REQUIRED WORK: Write out exactly the lines running from the line that includes "split; [split; [exact" to the end of the data, both ends included, and nothing besides.

Source data
┌──

Lemma solution_v_nonneg w v : is_solution h Rm q mu j w v -> inXplus h q mu j w v ->
  forall t, 0 <= t -> 0 <= v t.
Proof.
  intros Sol Xp t1 Ht1.
  pose proof Hst as (Hh & _ & Hmu & _).
  pose proof Sol as (_ & Cv & _ & Hode).
  pose proof Xp as ((_ & _ & Hinit) & _).
  apply Rnot_lt_le. intros Hneg.
  destruct (first_exit_time v t1 (continuous_of_C1 v Cv) (proj2 (Hinit 0 ltac:(lra))) Ht1 Hneg)
    as (T & HT0 & HvT & Hexit).
  assert (Hv_past : forall s, -h <= s <= T -> 0 <= v s).
  { intros s Hs. destruct (Rle_or_lt 0 s); [apply HvT; lra | apply (Hinit s); lra]. }
  destruct (solution_j_lower_bound w v T Sol Xp HT0 Hv_past) as (L & eta & HL & Heta & Hjlow).
  assert (HL2 : 0 < / (2 * L)) by (apply Rinv_0_lt_compat; lra).
  destruct (Hexit (Rmin eta (/ (2 * L)))) as (t3 & Ht3 & Hvt3); [apply Rmin_glb_lt; lra |].
  pose proof (Rmin_l eta (/ (2 * L))). pose proof (Rmin_r eta (/ (2 * L))).
  destruct (continuity_ab_maj (fun t => - v t) T t3) as (t2 & Hmax & Ht2); [lra | |].
  { intros c _. apply continuity_pt_filterlim, (continuous_opp v), (continuous_of_C1 v Cv). }
  set (m := - v t2).
  assert (Hm : 0 < m) by (specialize (Hmax t3 ltac:(lra)); unfold m; lra).
  assert (HTt2 : T < t2).
  { destruct (Rle_lt_or_eq_dec T t2 (proj1 Ht2)) as [| <-]; [assumption |].
    specialize (HvT T ltac:(lra)). unfold m in Hm. lra. }
  assert (Hj : forall t, T <= t <= t2 -> - (L * m) <= j (shift w t) (shift v t)).
  { intros t Ht. apply Hjlow; [lra | lra |].
    intros s Hs. specialize (Hmax s ltac:(lra)). unfold m. lra. }
  assert (Hdip : m <= L * m * (t2 - T)).
  { apply (linear_comparison_lower v T t2 (L * m) mu Hmu); [lra | nra | apply HvT; lra | |].
    - intros t Ht. apply Cv.
    - intros t Ht. rewrite (proj2 (Hode t ltac:(lra))). specialize (Hj t Ht). lra. }
  assert (Hshort : L * (t2 - T) <= / 2).
  { replace (/ 2) with (L * / (2 * L)) by (field; lra). apply Rmult_le_compat_l; lra. }
  nra.
Qed.

Hypothesis j_small : forall eps, 0 < eps -> exists del, 0 < del /\
  forall w v, inUplus h w v -> sup0 h w <= del -> j w v <= eps.
Hypothesis q0_neg : q 0 < 0.

Section Solution.

Variables w v : R -> R.
Hypothesis Hsol : is_solution h Rm q mu j w v.
Hypothesis Hinit : inXplus h q mu j w v.

Lemma solution_nonneg t : -h <= t -> 0 <= w t /\ 0 <= v t.
Proof.
  intros Ht. destruct (Rle_or_lt 0 t).
  - split; [apply (solution_w_nonneg w v) | apply (solution_v_nonneg w v)]; assumption.
  - destruct Hinit as ((_ & _ & Hpos) & _). apply Hpos. lra.
Qed.

Lemma solution_Uplus t : 0 <= t -> inUplus h (shift w t) (shift v t).
Proof.
  intros Ht. destruct Hsol as (Cw & Cv & _).
  split; [apply C1_shift, Cw | split; [apply C1_shift, Cv |]].
  intros s Hs. apply solution_nonneg. lra.
Qed.

Lemma solution_w_noninc a b : 0 <= a <= b -> w b <= w a.
Proof.
  intros Hab. pose proof Hst as (Hh & _ & _ & _ & _ & _ & _ & _ & _ & _ & Hqneg).
  destruct Hsol as ((Cw & _) & _ & _ & Hode).
  assert (w b - w a <= 0 * (b - a)); [| lra].
  apply (MVT_le w (Derive w)); [lra | intros x Hx; apply Derive_correct, Cw |].
  intros x Hx. rewrite (proj1 (Hode x ltac:(lra))).
  destruct (solution_nonneg x ltac:(lra)) as [Hw [Hv | Hv]].
  - specialize (Hqneg _ Hv). nra.
  - rewrite <- Hv. nra.
Qed.

Lemma solution_w_le_sup0 t : -h <= t -> w t <= sup0 h w.
Proof.
  intros Ht. pose proof Hst as (Hh & _). destruct Hsol as (Cw & _).
  destruct (Rle_or_lt t 0).
  - apply (C1_le_sup0 h); auto; lra.
  - apply Rle_trans with (w 0); [apply solution_w_noninc; lra | apply (C1_le_sup0 h); auto; lra].
Qed.

Lemma solution_sup0_shift_w t : 0 <= t -> sup0 h (shift w t) <= sup0 h w.
Proof.
  intros Ht. pose proof Hst as (Hh & _).
  apply sup0_le; [lra |]. intros s Hs. unfold shift.
  rewrite Rabs_pos_eq by (apply solution_nonneg; lra). apply solution_w_le_sup0. lra.
Qed.

Lemma solution_v_le_max J : (forall t, 0 <= t -> j (shift w t) (shift v t) <= J) ->
  forall t, -h <= t -> v t <= Rmax (sup0 h v) (J / mu).
Proof.
  intros HJ t Ht. pose proof Hst as (Hh & _ & Hmu & _).
  destruct Hsol as (_ & Cv & _ & Hode).
  destruct (Rle_or_lt t 0).
  - eapply Rle_trans; [apply (C1_le_sup0 h); auto; lra | apply Rmax_l].
  - eapply Rle_trans; [apply (linear_comparison_max v 0 t J mu); auto; try lra |].
    + intros s Hs. apply Cv.
    + intros s Hs. rewrite (proj2 (Hode s ltac:(lra))). specialize (HJ s ltac:(lra)). lra.
    + apply Rmax_lub; [| apply Rmax_r].
      eapply Rle_trans; [apply (C1_le_sup0 h); auto; lra | apply Rmax_l].
Qed.

Lemma solution_stays_small e d :
  (forall w' v', inUplus h w' v' -> sup0 h w' <= d -> j w' v' <= mu * e) ->
  sup0 h w <= Rmin e d -> sup0 h v <= e ->
  forall t, -h <= t -> 0 <= w t <= e /\ 0 <= v t <= e /\
    (0 <= t -> j (shift w t) (shift v t) <= mu * e).
Proof.
  intros Hjd Hw Hv. pose proof Hst as (Hh & _ & Hmu & _).
  pose proof (Rmin_l e d). pose proof (Rmin_r e d).
  assert (Hj : forall t, 0 <= t -> j (shift w t) (shift v t) <= mu * e).
  { intros t Ht. apply Hjd; [apply solution_Uplus, Ht |].
    pose proof (solution_sup0_shift_w t Ht). lra. }
  intros t Ht. destruct (solution_nonneg t Ht).
  pose proof (solution_w_le_sup0 t Ht). pose proof (solution_v_le_max _ Hj t Ht) as Hvt.
  replace (mu * e / mu) with e in Hvt by (field; lra).
  rewrite Rmax_right in Hvt by exact Hv.
  repeat split; auto; lra.
Qed.

Lemma solution_Derive_w_le Q : (forall s, Rm < s -> Rabs (q s) <= Q) ->
  forall t, 0 <= t -> Rabs (Derive w t) <= Q * w t.
Proof.
  intros HQ t Ht. pose proof Hst as (Hh & _). destruct Hsol as (_ & _ & _ & Hode).
  destruct (solution_nonneg t ltac:(lra)) as [Hw _].
  rewrite (proj1 (Hode t Ht)), Rabs_mult, (Rabs_pos_eq (w t)) by exact Hw.
  apply Rmult_le_compat_r; [exact Hw | apply HQ, (solution_v_gt_Rm w v Hsol t Ht)].
Qed.

Lemma solution_Derive_v_le t : 0 <= t ->
  Rabs (Derive v t) <= Rmax (j (shift w t) (shift v t)) (mu * v t).
Proof.
  intros Ht. pose proof Hst as (Hh & _ & Hmu & _ & _ & _ & Hjpos & _).
  destruct Hsol as (_ & _ & _ & Hode). rewrite (proj2 (Hode t Ht)).
  pose proof (Hjpos _ _ (solution_Uplus t Ht)). destruct (solution_nonneg t ltac:(lra)) as [_ Hv].
  pose proof (Rmax_l (j (shift w t) (shift v t)) (mu * v t)).
  pose proof (Rmax_r (j (shift w t) (shift v t)) (mu * v t)).
  apply Rabs_le_between. split; nra.
Qed.

Lemma solution_j_bounded : exists M, forall t, 0 <= t -> j (shift w t) (shift v t) <= M.
Proof.
  pose proof Hst as (Hh & HRm & _ & _ & _ & _ & _ & Hjbd & (Q & HQ) & _).
  pose proof Hsol as (Cw & Cv & _).
  assert (HQ0 : 0 <= Q) by (pose proof (HQ 0 HRm); pose proof (Rabs_pos (q 0)); lra).
  destruct (Hjbd (fun f => exists t, 0 <= t /\ f = shift w t)
                 (fun g => exists t, 0 <= t /\ g = shift v t)) as [M HM].
  - intros f g [t1 [Ht1 ->]] [t2 [Ht2 ->]]. apply solution_Uplus in Ht1 as (Cw1 & _ & H1).
    apply solution_Uplus in Ht2 as (_ & Cv2 & H2).
    split; [exact Cw1 | split; [exact Cv2 |]]. intros s Hs. split; [apply H1 | apply H2]; auto.
  - exists (sup0 h w + Rmax (sup0 h (Derive w)) (Q * sup0 h w)).
    intros f [t [Ht ->]]. rewrite Derive_shift by exact Cw.
    apply Rplus_le_compat; apply sup0_le; try lra; intros s Hs; unfold shift.
    + rewrite Rabs_pos_eq by (apply solution_nonneg; lra). apply solution_w_le_sup0. lra.
    + destruct (Rle_or_lt (t + s) 0).
      * eapply Rle_trans; [apply (Rabs_le_sup0 h); [lra | intros; apply Cw | lra] | apply Rmax_l].
      * eapply Rle_trans; [apply (solution_Derive_w_le Q HQ); lra |].
        eapply Rle_trans; [| apply Rmax_r].
        apply Rmult_le_compat_l; [exact HQ0 | apply solution_w_le_sup0; lra].
  - exists M. intros t Ht. eapply Rle_trans; [apply Rle_abs | apply HM; exists t; auto].
Qed.

Lemma solution_w_exp_decay : exists c, 0 < c /\ forall t, 0 <= t -> w t <= w 0 * exp (- c * t).
Proof.
  pose proof Hst as (Hh & HRm & Hmu & _ & _ & _ & _ & _ & _ & Hqd & Hqneg).
  pose proof Hsol as ((Cw & _) & _ & _ & Hode).
  destruct solution_j_bounded as [M HM].
  set (K := Rmax (sup0 h v) (M / mu)).
  assert (HvK : forall t, 0 <= t -> 0 <= v t <= K).
  { intros t Ht. split; [apply solution_nonneg; lra | apply (solution_v_le_max M HM); lra]. }
  (* [q] attains a negative maximum on the range [0, K] of [v] *)
  destruct (continuity_ab_maj q 0 K) as [x0 [Hx0 Hx0K]].
  - specialize (HvK 0 ltac:(lra)). lra.
  - intros c Hc. apply continuity_pt_filterlim, (@ex_derive_continuous R_AbsRing R_NormedModule).
    apply Hqd. lra.
  - exists (- q x0). split.
    + destruct (proj1 Hx0K) as [Hpos | <-]; [specialize (Hqneg x0 Hpos) |]; lra.
    + intros t Ht. pose proof (linear_comparison w 0 t 0 (- q x0)) as Hcmp.
      replace (0 / - q x0) with 0 in Hcmp
        by (destruct (proj1 Hx0K) as [Hpos | <-]; [specialize (Hqneg x0 Hpos) |]; field; lra).
      rewrite Rminus_0_r, Rplus_0_l, Rminus_0_r in Hcmp. apply Hcmp; try lra.
      * destruct (proj1 Hx0K) as [Hpos | <-]; [specialize (Hqneg x0 Hpos) |]; lra.
      * intros s Hs. apply Cw.
      * intros s Hs. rewrite (proj1 (Hode s ltac:(lra))).
        specialize (Hx0 (v s) (HvK s ltac:(lra))). destruct (solution_nonneg s ltac:(lra)). nra.
Qed.

Lemma solution_w_eventually_le d : 0 < d -> exists T, 0 <= T /\ forall t, T <= t -> w t <= d.
Proof.
  intros Hd. destruct solution_w_exp_decay as (c & Hc & Hdecay).
  destruct (exp_decay_eventually_le (w 0) c d Hc Hd) as [S HS].
  exists (Rmax 0 S). split; [apply Rmax_l |]. intros t Ht.
  pose proof (Rmax_l 0 S). pose proof (Rmax_r 0 S).
  eapply Rle_trans; [apply Hdecay; lra | apply HS; lra].
Qed.

Lemma solution_eventually_small e : 0 < e -> exists T, forall t, T <= t ->
  w t <= e /\ v t <= e /\ j (shift w t) (shift v t) <= mu * e.
Proof.
  intros He. pose proof Hst as (Hh & _ & Hmu & _).
  pose proof Hsol as (_ & (Cv & _) & _ & Hode).
  destruct (j_small (mu * (e / 2))) as [d [Hd Hjd]]; [nra |].
  destruct (solution_w_eventually_le (Rmin d e)) as [T1 [HT1 Hw]]; [apply Rmin_glb_lt; lra |].
  pose proof (Rmin_l d e). pose proof (Rmin_r d e).
  set (T2 := T1 + h).
  assert (Hj : forall t, T2 <= t -> j (shift w t) (shift v t) <= mu * (e / 2)).
  { intros t Ht. apply Hjd; [apply solution_Uplus; unfold T2 in Ht; lra |].
    apply sup0_le; [lra |]. intros s Hs. unfold shift.
    rewrite Rabs_pos_eq by (apply solution_nonneg; unfold T2 in Ht; lra).
    specialize (Hw (t + s) ltac:(unfold T2 in Ht; lra)). lra. }
  destruct (exp_decay_eventually_le (v T2 - e / 2) mu (e / 2) Hmu ltac:(lra)) as [S HS].
  exists (T2 + Rmax 0 S). intros t Ht. pose proof (Rmax_l 0 S). pose proof (Rmax_r 0 S).
  split; [specialize (Hw t ltac:(unfold T2 in *; lra)); lra |].
  split; [| specialize (Hj t ltac:(lra)); nra].
  pose proof (linear_comparison v T2 t (mu * (e / 2)) mu Hmu ltac:(lra)) as Hcmp.
  replace (mu * (e / 2) / mu) with (e / 2) in Hcmp by (field; lra).
  specialize (HS (t - T2) ltac:(lra)).
  enough (v t <= e / 2 + (v T2 - e / 2) * exp (- mu * (t - T2))) by lra.
  apply Hcmp; [intros s Hs; apply Cv |].
  intros s Hs. rewrite (proj2 (Hode s ltac:(unfold T2 in *; lra))).
  specialize (Hj s ltac:(lra)). lra.
Qed.

Lemma solution_attractive_C1 eps : 0 < eps ->
  exists T, forall t, T <= t -> nrm1 h (shift w t) (shift v t) <= eps.
Proof.
  intros Heps. pose proof Hst as (Hh & HRm & Hmu & _ & _ & _ & _ & _ & (Q & HQ) & _).
  pose proof Hsol as (Cw & Cv & _).
  assert (HQ0 : 0 <= Q) by (pose proof (HQ 0 HRm); pose proof (Rabs_pos (q 0)); lra).
  set (e := eps / (1 + Q + mu)).
  assert (He : 0 < e) by (apply Rdiv_lt_0_compat; lra).
  destruct (solution_eventually_small e He) as [T HT].
  exists (Rmax 0 T + h). intros t Ht. pose proof (Rmax_l 0 T). pose proof (Rmax_r 0 T).
  replace eps with (e + (Q + mu) * e) by (unfold e; field; lra).
  apply nrm1_le; [lra |]. rewrite !Derive_shift by assumption. unfold shift. intros s Hs.
  destruct (HT (t + s) ltac:(lra)) as (Hw & Hv & Hj).
  destruct (solution_nonneg (t + s) ltac:(lra)).
  rewrite !Rabs_pos_eq by lra. repeat split; try lra.
  - eapply Rle_trans; [apply (solution_Derive_w_le Q HQ); lra | nra].
  - eapply Rle_trans; [apply solution_Derive_v_le; lra | apply Rmax_lub; nra].
Qed.

End Solution.

Lemma zero_equilibrium : inXplus h q mu j (fun _ => 0) (fun _ => 0) /\
  is_solution h Rm q mu j (fun _ => 0) (fun _ => 0).
Proof.
  pose proof Hst as (Hh & HRm & Hmu & _ & _ & _ & Hjpos & _).
  assert (H0 : inUplus h (fun _ => 0) (fun _ => 0)).
  { split; [apply C1_const | split; [apply C1_const | intros; lra]]. }
  assert (Hj0 : j (fun _ => 0) (fun _ => 0) = 0).
  { apply Rle_antisym; [| apply Hjpos, H0]. apply Rnot_lt_le. intros Hpos.
    destruct (j_small (j (fun _ => 0) (fun _ => 0) / 2)) as [d [Hd Hle]]; [lra |].
    specialize (Hle _ _ H0). rewrite sup0_const, Rabs_R0 in Hle by lra.
    specialize (Hle ltac:(lra)). lra. }
  split; [split; [exact H0 | rewrite !Derive_const, Hj0; split; ring] |].
  split; [apply C1_const | split; [apply C1_const | split]]; intros t Ht; unfold shift; cbv beta.
  - split; [apply C1_const | split; [apply C1_const | intros; lra]].
  - rewrite !Derive_const, Hj0. split; ring.
Qed.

└──

RESULT BELOW:
  split; [split; [exact H0 | rewrite !Derive_const, Hj0; split; ring] |].
  split; [apply C1_const | split; [apply C1_const | split]]; intros t Ht; unfold shift; cbv beta.
  - split; [apply C1_const | split; [apply C1_const | intros; lra]].
  - rewrite !Derive_const, Hj0. split; ring.
Qed.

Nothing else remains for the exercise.